Delays Push Final Rule Into the Future
Although the law was enacted in 2011, NHTSA has extended the deadline to accommodate comments from auto manufacturers and other groups. The Association of Global Automakers and the Alliance of Automobile Manufacturers urged NHTSA to defer full compliance until September 2018, citing concerns about the content of the final rule.
"We're very disappointed that the PESA's final rule hasn't been released," says John Pare, the National Federation of the Blind's executive director for advocacy, calling it a significant delay. "The number of silent cars continues to increase, only making the need for the rule that much more important to pedestrians," he said.
If you own an electric or hybrid vehicle without a noisemaker, don't expect to find aftermarket devices to address the issue. "It's not a priority," Pare says.
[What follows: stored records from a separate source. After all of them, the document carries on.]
Lemma dist_le_enorm x A a : A a -> dist x A <= enorm (x - a).
Proof.
move=> Aa; apply: ge_inf; last by exists a.
by exists 0 => _ [b _ <-]; apply: enorm_ge0.
Qed.

Lemma le_dist x A c : A !=set0 -> (forall a, A a -> c <= enorm (x - a)) ->
  c <= dist x A.
Proof.
move=> [a Aa] cle; apply: lb_le_inf; first by exists (enorm (x - a)), a.
by move=> _ [b Ab <-]; apply: cle.
Qed.

Lemma dist_addr_le x v A : A !=set0 -> (forall a, A a -> A (a + v)) ->
  dist (x + v) A <= dist x A.
Proof.
move=> A0 Av; apply: le_dist => // a Aa.
by apply: le_trans (dist_le_enorm _ (Av a Aa)) _; rewrite opprD addrACA subrr addr0.
Qed.

End Distance.

Section Argmax.
Variables (R : realType) (n : nat) (F : set 'rV[R]_n).
Hypotheses (Fcone : is_cone F) (Fcvx : Defs.convex_set F).
Implicit Types (f u x y : 'rV[R]_n).

Lemma argmax_le x y u : argmax_unit F x y -> F u -> dotp x u <= dotp x y * enorm u.
Proof.
case=> _ _ ymax Fu; have [->|u0] := eqVneq u 0.
  by rewrite dotp0r enorm0 mulr0.
have u_gt0 : 0 < enorm u by rewrite lt_def enorm_eq0 u0 enorm_ge0.
have iu_ge0 : 0 <= (enorm u)^-1 by rewrite invr_ge0 enorm_ge0.
have := ymax _ (Fcone Fu iu_ge0) (enorm_normalize u0).
by rewrite dotpZr -(ler_pM2r u_gt0) mulrAC mulVf ?mul1r ?lt0r_neq0.
Qed.

Lemma argmax_polar x y f : argmax_unit F x y -> F f ->
  dotp x f <= dotp x y * dotp y f.
Proof.
move=> xy Ff; have [Fy y1 _] := xy; have yy1 := enorm1_dotpp y1.
set m := dotp x y; set a := dotp y f; set b := dotp f f.
(* first-order optimality of [y] along the ray [y + s f] *)
have along s : 0 <= s -> m + s * dotp x f <= m * enorm (y + s *: f).
  move=> s0; have := argmax_le xy (convex_cone_addr_closed Fcvx Fcone Fy (Fcone Ff s0)).
  by rewrite dotpDr dotpZr.
have [m_le0|m_gt0] := lerP m 0.
  have := cauchy_schwarz (y + f) y; rewrite y1 mulr1 dotpDl yy1 (dotpC f y) -/a.
  have := along 1 ler01; rewrite scale1r mul1r; nra.
rewrite -subr_le0; apply: (@le0_of_le_linear _ _ (m * b / 2)) => s s_gt0.
have lb := along s (ltW s_gt0); set N := enorm (y + s *: f) in lb.
have N_sqr : N ^+ 2 = 1 + 2 * s * a + s ^+ 2 * b.
  by rewrite enorm_sqr !dotpE yy1 (dotpC f y) -/a -/b; ring.
(* AM-GM bounds [N] by [(N^2 + 1) / 2], a quadratic in [s] *)
have amgm : N <= (N ^+ 2 + 1) / 2 by have := sqr_ge0 (N - 1); rewrite sqrrB; lra.
have ub : m * N <= m * ((N ^+ 2 + 1) / 2) by rewrite ler_pM2l.
rewrite N_sqr in ub; rewrite -(ler_pM2l s_gt0); lra.
Qed.

Lemma enorm_proj_le_dist x y t : argmax_unit F x y ->
  enorm (x - dotp x y *: y) <= dist (x + t *: y) F.
Proof.
move=> xy; have [Fy y1 _] := xy; apply: le_dist; first by exists y.
move=> f Ff; set m := dotp x y; set w := x - m *: y; set z := x + t *: y - f.
(* [w] is orthogonal to [y], and the polar inequality makes [<f, w> <= 0] *)
have w_le : dotp w w <= dotp z w.
  have := argmax_polar xy Ff; rewrite /z /w !dotpE (enorm1_dotpp y1) (dotpC y x).
  rewrite (dotpC f x) (dotpC f y) -/m; lra.
have [->|w0] := eqVneq w 0; first by rewrite enorm0 enorm_ge0.
have w_gt0 : 0 < enorm w by rewrite lt_def enorm_eq0 w0 enorm_ge0.
rewrite -(ler_pM2r w_gt0) -expr2 enorm_sqr.
exact: le_trans w_le (cauchy_schwarz z w).
Qed.

End Argmax.

Section TwoUnits.
Variables (R : realType) (n : nat).
Implicit Types (F : set 'rV[R]_n) (u v x : 'rV[R]_n).

Lemma parallelogram u v :
  enorm (u + v) ^+ 2 + enorm (u - v) ^+ 2 = 2 * (enorm u ^+ 2 + enorm v ^+ 2).
Proof. by rewrite !enorm_sqr !dotpE (dotpC v u); ring. Qed.

Lemma enorm_sqr_le_of_dotp_units u1 u2 x m :
  enorm u1 = 1 -> enorm u2 = 1 -> dotp x u1 <= m -> dotp x u2 <= m -> m <= 0 ->
  enorm (u1 - u2) ^+ 2 * enorm x ^+ 2 <= 4 * (enorm x ^+ 2 - m ^+ 2).
Proof.
move=> u1_1 u2_1 xu1 xu2 m_le0.
have := parallelogram u1 u2; rewrite u1_1 u2_1 expr1n.
have := cauchy_schwarz (- x) (u1 + u2); rewrite enormN dotpNl dotpDr.
set X := enorm x; set N := enorm (u1 + u2) => cs.
have X_ge0 : 0 <= X := enorm_ge0 x; have N_ge0 : 0 <= N := enorm_ge0 _.
have : (- 2 * m) ^+ 2 <= (X * N) ^+ 2 by rewrite ler_pXn2r ?nnegrE //; nra.
rewrite exprMn; nra.
Qed.

Lemma cone_sub_line F u0 : is_cone F ->
  (forall u, F u -> enorm u = 1 -> u = u0) -> forall v, F v -> v \in <[u0]>%VS.
Proof.
move=> Fcone unit_u0 v Fv; have [->|v0] := eqVneq v 0; first by rewrite mem0v.
have iv_ge0 : 0 <= (enorm v)^-1 by rewrite invr_ge0 enorm_ge0.
have v_eq : v = enorm v *: ((enorm v)^-1 *: v).
  by rewrite scalerA mulfV ?scale1r // enorm_eq0.
by rewrite v_eq (unit_u0 _ (Fcone _ _ Fv iv_ge0) (enorm_normalize v0)) memvZ ?memv_line.
Qed.

Lemma cone_two_units F : is_cone F -> (exists d, has_dim F d /\ (1 < d)%N) ->
  exists u1 u2, [/\ F u1, F u2, enorm u1 = 1, enorm u2 = 1 & u1 != u2].
Proof.
move=> Fcone [d [[[s [sF sd]] _] d_gt1]]; apply: contrapT => no_pair.
(* otherwise all unit vectors of [F] coincide (with [0] if there are none) *)
have [u0 unit_u0] : exists u0, forall u, F u -> enorm u = 1 -> u = u0.
  have [[u0 [Fu0 u0_1]]|no_unit] := pselect (exists u, F u /\ enorm u = 1).
    exists u0 => u Fu u1; apply/eqP; apply: contrapT => /negP uu0.
    by apply: no_pair; exists u, u0.
  by exists 0 => u Fu u1; exfalso; apply: no_unit; exists u.
have s_line : (span s <= <[u0]>)%VS.
  by apply/span_subvP => v /sF; apply: cone_sub_line.
have := dimvS s_line; rewrite dim_vline sd => /(leq_trans d_gt1).
by case: (u0 != 0).
Qed.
But that doesn't mean car manufacturers are doing nothing, says Chris Duke, who has 27 years experience customizing vehicles and hosts the auto improvement show Motorz. For example, Toyota and Lexus hybrid vehicles have a Vehicle Proximity Notification System. The top-selling electric car, the Nissan Leaf, has an alert noise, called the Vehicle Sound for Pedestrians. The plug-in hybrid Chevrolet Volt also has an alert noise, which the driver can activate.
But each original equipment manufacturer (OEM) is choosing how to proceed and what sound to include. The pedestrian alert on the Fisker Karma, audible when the car is in electric mode at speeds under 25 mph, sounds like a "combination of Tron light cycle, the 2001 monolith noise, the Droid phone commercial sound and a squadron of P-51 Mustangs banking overhead," wrote Dan Edmunds, Edmunds.com's director of vehicle testing. The sound of the 2015 Kia Soul EV is "part light saber, part slow-motion crickets," another reviewer wrote.
Meanwhile, though, "Some OEMs aren't doing anything until they know what the federal law says," says Duke. Ford is one of the carmakers that has not yet added warning sounds to its EVs and plug-in hybrids, company spokesperson Kelli Felker confirms.
Manufacturers want the alert sound to be pleasant to the ear of drivers and passengers, while avoiding a Pandora's box of too-divergent sounds, like individual ring tones for every vehicle. "Everybody's looking for NHTSA to come up with a solution so everybody can move on," Duke says.
Drive Carefully in the Meantime
Until at least 2018 or later, there's some simple advice for owners of hybrids and electric vehicles without external engine noise.
"Drive really, really carefully around pedestrians," says Stein. "Especially driveways, parking lots, school zones, cars pulling out of alleys — anywhere cars come in close contact with them."
Here's a piece of advice for pedestrians who are not paying attention: Quit staring at your smartphone while you're walking. Turn down the headphone volume. These are easy ways to avoid a close encounter with a silent-running EV or hybrid.